:: Data

(* Let $\mathcal{X}$ be a subset of a normed space, $\mathcal{H}$ an RKHS on $\mathcal{X}$ whose kernel is radial, $\mathfrak{K}(x,y)=\mathfrak{K}_0(\|x-y\|)$ with $\mathfrak{K}_0$ injective, and let $F:\mathcal{X}\to\mathcal{X}$ be a bijection. Then the Koopman operator $\mathcal{K}_F$ on $\mathcal{H}$ is unitary if and only if $F$ is an isometry, i.e. $\|F(x)-F(y)\|=\|x-y\|$ for all $x,y\in\mathcal{X}$.
   Context: $\mathcal{H}$ is a reproducing kernel Hilbert space of complex-valued functions on $\mathcal{X}$ with kernel $\mathfrak{K}$. The Koopman operator is $\mathcal{K}_Fg=g\circ F$ with domain $\{g\in\mathcal{H}:g\circ F\in\mathcal{H}\}$; unitary means bounded, everywhere defined, with $\mathcal{K}_F\mathcal{K}_F^*=\mathcal{K}_F^*\mathcal{K}_F=I$. *)

From HB Require Import structures.
From mathcomp Require Import all_boot all_order all_algebra.
From mathcomp Require Import all_classical all_reals all_analysis.
From mathcomp Require Import complex.
Set Implicit Arguments. Unset Strict Implicit. Unset Printing Implicit Defensive.
Import Order.TTheory GRing.Theory Num.Theory.
Import numFieldNormedType.Exports.
Local Open Scope ring_scope.
Local Open Scope classical_set_scope.

(* It is given as a set [rk_carrier] of functions
   X -> C (a linear subspace), an inner product [rk_ip] (linear in the first
   argument, conjugate symmetric, positive definite on the carrier), complete
   for the induced norm, containing the kernel sections kern(.,y), and
   satisfying the reproducing property f y = <f, kern(.,y)>. *)
Record RKHS (C : numClosedFieldType) (X : Type) (kern : X -> X -> C) := {
  rk_carrier : set (X -> C);
  rk_ip : (X -> C) -> (X -> C) -> C;
  rk_zero : rk_carrier (fun _ => 0);
  rk_add : forall f g, rk_carrier f -> rk_carrier g ->
      rk_carrier (fun x => f x + g x);
  rk_scale : forall (a : C) f, rk_carrier f -> rk_carrier (fun x => a * f x);
  rk_ip_add : forall f g h, rk_carrier f -> rk_carrier g -> rk_carrier h ->
      rk_ip (fun x => f x + g x) h = rk_ip f h + rk_ip g h;
  rk_ip_scale : forall (a : C) f h, rk_carrier f -> rk_carrier h ->
      rk_ip (fun x => a * f x) h = a * rk_ip f h;
  rk_ip_sym : forall f g, rk_carrier f -> rk_carrier g ->
      rk_ip g f = (rk_ip f g)^*;
  rk_ip_ge0 : forall f, rk_carrier f -> 0 <= rk_ip f f;
  rk_ip_eq0 : forall f, rk_carrier f -> rk_ip f f = 0 -> f = (fun _ => 0);
  rk_complete : forall u : nat -> X -> C, (forall n, rk_carrier (u n)) ->
      (forall e : C, 0 < e -> exists N : nat, forall m n, (N <= m)%N -> (N <= n)%N ->
          rk_ip (fun x => u m x - u n x) (fun x => u m x - u n x) < e) ->
      exists2 f, rk_carrier f &
        (forall e : C, 0 < e -> exists N : nat, forall n, (N <= n)%N ->
          rk_ip (fun x => u n x - f x) (fun x => u n x - f x) < e);
  rk_kernel_mem : forall y, rk_carrier (fun x => kern x y);
  rk_reproducing : forall f y, rk_carrier f -> f y = rk_ip f (fun x => kern x y)
}.
Lemma derivation_linear (a : R) f g : smoothC f -> smoothC g ->
  X (fun x => a * f x + g x) = (fun x => a * X f x + X g x).
Proof. by case: derX => _ H _; apply: H. Qed.

Lemma derivationM f g : smoothC f -> smoothC g ->
  X (fun x => f x * g x) = (fun x => f x * X g x + X f x * g x).
Proof. by case: derX => _ _ H; apply: H. Qed.

Lemma derivationD f g : smoothC f -> smoothC g ->
  X (fun x => f x + g x) = (fun x => X f x + X g x).
Proof.
move=> sf sg; have := @derivation_linear 1 f g sf sg.
by under eq_fun do rewrite mul1r; move=> ->; under eq_fun do rewrite mul1r.
Qed.

Lemma derivation_cst (c : R) : X (fun=> c) = (fun=> 0).
Proof.
have s0 : smoothC (fun _ : CV => 0 : R) := smooth_cst 0.
have s1 : smoothC (fun _ : CV => 1 : R) := smooth_cst 1.
have X0 : X (fun=> 0) = (fun=> 0).
  apply/funext => x; have := congr1 (fun F => F x) (derivationD _ _ s0 s0).
  by rewrite /= addr0; lra.
have X1 : X (fun=> 1) = (fun=> 0).
  apply/funext => x; have := congr1 (fun F => F x) (derivationM _ _ s1 s1).
  by rewrite /= mul1r mulr1; lra.
have := derivation_linear c _ _ s1 s0; rewrite X0 X1.
under eq_fun do rewrite mulr1 addr0; move=> ->.
by apply/funext => x; rewrite mulr0 addr0.
Qed.

Lemma derivation_sum (I : Type) (r : seq I) (F : I -> CV -> R) :
  (forall i, smoothC (F i)) ->
  X (fun x => \sum_(i <- r) F i x) = (fun x => \sum_(i <- r) X (F i) x).
Proof.
move=> sF; elim: r => [|i r IH].
  by apply/funext => x; under eq_fun do rewrite big_nil; rewrite derivation_cst big_nil.
under eq_fun do rewrite big_cons; rewrite derivationD ?IH //; last exact: smooth_sum.
by under [RHS]eq_fun do rewrite big_cons.
Qed.

Lemma derivationX f k : smoothC f ->
  X (fun x => f x ^+ k) = (fun x => k%:R * f x ^+ k.-1 * X f x).
Proof.
move=> sf; elim: k => [|k IH].
  under eq_fun do rewrite expr0; rewrite derivation_cst.
  by apply/funext => x; rewrite !mul0r.
under eq_fun do rewrite exprS; rewrite derivationM ?IH //; last exact: smoothX.
apply/funext => x; case: k {IH} => [|k]; first by rewrite !expr0; ring.
by rewrite /= exprS -[k.+2]addn1 natrD -[k.+1]addn1 natrD; ring.
Qed.

Lemma derivation_horner [p : CV -> {poly R}] [N : nat] [phi : CV -> R] :
  (forall y, size (p y) <= N.+1)%N ->
  (forall i, smoothC (fun y => (p y)`_i)) ->
  (forall i, X (fun y => (p y)`_i) = (fun=> 0)) ->
  smoothC phi ->
  X (fun y => (p y).[phi y]) = (fun y => (p y)^`().[phi y] * X phi y).
Proof.
move=> sp scoef Xcoef sphi.
under eq_fun do rewrite (horner_coef_wide _ (sp _)).
rewrite derivation_sum => [|i]; last by apply: smoothM; [exact: scoef | exact: smoothX].
apply/funext => y; rewrite (horner_deriv_coef_wide _ (sp y)) mulr_suml.
apply: eq_bigr => i _; rewrite derivationM ?derivationX ?Xcoef //; last exact: smoothX.
by rewrite mul0r addr0 mulrA.
Qed.

End Derivation.

Section OrbitPolynomial.
Context {R : realType} {n : nat} {gT : finGroupType}.
Local Notation CV := 'cV[R[i]]_n.
Local Notation MM := 'M[R[i]]_n.
Context {rho : gT -> MM} (rhoM : {morph rho : g h / (g * h)%g >-> g *m h})
  (rho_unit : forall g, rho g \in unitmx).

Lemma rho1 : rho 1%g = 1%:M.
Proof.
have idem : rho 1%g *m rho 1%g = rho 1%g by rewrite -rhoM mulg1.
by rewrite -[LHS](mulmxK (rho_unit 1%g)) idem mulmxV ?rho_unit.
Qed.

Definition rho_nontriv : seq MM :=
  [seq A <- undup [seq rho g | g <- enum gT] | A != 1%:M].

Definition rho_img : seq MM := 1%:M :: rho_nontriv.

Lemma mem_rho_img g : rho g \in rho_img.
Proof.
rewrite inE; have [//|ne1] := eqVneq (rho g) 1%:M.
by rewrite mem_filter ne1 mem_undup map_f ?mem_enum.
Qed.

Lemma rho_imgP A : A \in rho_img -> exists g, A = rho g.
Proof.
rewrite inE => /predU1P [->|]; first by exists 1%g; rewrite rho1.
by rewrite mem_filter mem_undup => /andP [_ /mapP [g _ ->]]; exists g.
Qed.

Lemma uniq_rho_img : uniq rho_img.
Proof. by rewrite /= mem_filter eqxx filter_uniq ?undup_uniq. Qed.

::::

What is needed -> All that belongs in the answer is the run of lines above from the line containing "Lemma derivation_sum (I" through the line containing "by apply/funext => x; under", exactly as written.

Solution for this exercise ->
Lemma derivation_sum (I : Type) (r : seq I) (F : I -> CV -> R) :
  (forall i, smoothC (F i)) ->
  X (fun x => \sum_(i <- r) F i x) = (fun x => \sum_(i <- r) X (F i) x).
Proof.
move=> sF; elim: r => [|i r IH].
  by apply/funext => x; under eq_fun do rewrite big_nil; rewrite derivation_cst big_nil.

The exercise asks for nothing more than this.